**GOAL OF THE EXERCISE**
Write out, word for word, every line in the data below from the one containing "have rotsP r" to the one containing "- apply: (@homo_sorted_in", both of them included.

(Dataset entries)
Lemma pi_clustering_of_rot_lex (n : nat) (pi : {perm 'I_n}) (c0 : 'I_n) (w : seq 'I_n) :
  (forall i j, (i < size w)%N -> (j < size w)%N ->
     ((pi^-1)%g (nth c0 w i) < (pi^-1)%g (nth c0 w j))%N ->
     ~~ lex_le (rot (j.+1 %% size w) w) (rot (i.+1 %% size w) w)) ->
  pi_clustering pi w.
Proof.
move=> rot_lex; rewrite /pi_clustering /bwt.
set m := size w; set rots := [seq rot a w | a <- iota 0 m].
pose le_pi := fun p q : 'I_n => ((pi^-1)%g p <= (pi^-1)%g q)%N.
have rotsP r : r \in rots -> exists2 i, (i < m)%N & r = rot (i.+1 %% m) w.
  case/mapP => a; rewrite mem_iota => /andP[_ a_lt] ->.
  exists ((a + m.-1) %% m)%N; first by rewrite ltn_pmod //; lia.
  by rewrite -addn1 modnDml -addnA addn1 prednK ?modnDr ?modn_small //; lia.
rewrite (pmap_ohead_rev c0) ?all_sort; last first.
  by apply/allP => r /mapP [a]; rewrite mem_iota => /andP[_ a_lt] ->; rewrite size_rot; lia.
apply: (@sorted_eq _ le_pi).
- by move=> ? ? ?; apply: leq_trans.
- move=> p q /andP[pq qp]; apply: (@perm_inj _ (pi^-1)%g); apply: val_inj.
  by apply/eqP; rewrite eqn_leq; apply/andP.
- apply: (@homo_sorted_in _ _ (mem rots) _ (@lex_le n)).
  + move=> _ _ /rotsP[i i_lt ->] /rotsP[j j_lt ->] lex_ij.
    rewrite /le_pi leqNgt !last_rot_succ //; apply: contraL lex_ij.
    exact: rot_lex.
  + by apply/allP => r; rewrite mem_sort.
  + exact/sort_sorted/lex_le_total.
- exact: sorted_flatten_nseq_perm.
- rewrite (permPr (perm_flatten_nseq_count pi w)).
  rewrite (permPl (perm_map _ (permEl (perm_sort _ _)))).
  have -> : map (last c0) rots = rot m.-1 w.
    apply: (@eq_from_nth _ c0); rewrite /rots !size_map size_iota ?size_rot // => t t_lt.
    rewrite -map_comp (nth_map 0%N) ?size_iota // nth_iota //= add0n -nth_last size_rot.
    by rewrite !nth_rot_mod; [rewrite addnC | lia..].
  by rewrite perm_rot.
Qed.

Section ReturnWord.
Variables (R : realType) (n : nat) (pi : {perm 'I_n}) (lam : 'I_n -> R) (l : R).
Hypothesis lam_gt0 : forall a, 0 < lam a.
Variables (c0 : 'I_n) (u w : seq 'I_n) (y : nat -> R).
Local Notation T := (iet pi lam l).
Local Notation m := (size w).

**RESULT OF THIS EXERCISE**
have rotsP r : r \in rots -> exists2 i, (i < m)%N & r = rot (i.+1 %% m) w.
  case/mapP => a; rewrite mem_iota => /andP[_ a_lt] ->.
  exists ((a + m.-1) %% m)%N; first by rewrite ltn_pmod //; lia.
  by rewrite -addn1 modnDml -addnA addn1 prednK ?modnDr ?modn_small //; lia.
rewrite (pmap_ohead_rev c0) ?all_sort; last first.
  by apply/allP => r /mapP [a]; rewrite mem_iota => /andP[_ a_lt] ->; rewrite size_rot; lia.
apply: (@sorted_eq _ le_pi).
- by move=> ? ? ?; apply: leq_trans.
- move=> p q /andP[pq qp]; apply: (@perm_inj _ (pi^-1)%g); apply: val_inj.
  by apply/eqP; rewrite eqn_leq; apply/andP.
- apply: (@homo_sorted_in _ _ (mem rots) _ (@lex_le n)).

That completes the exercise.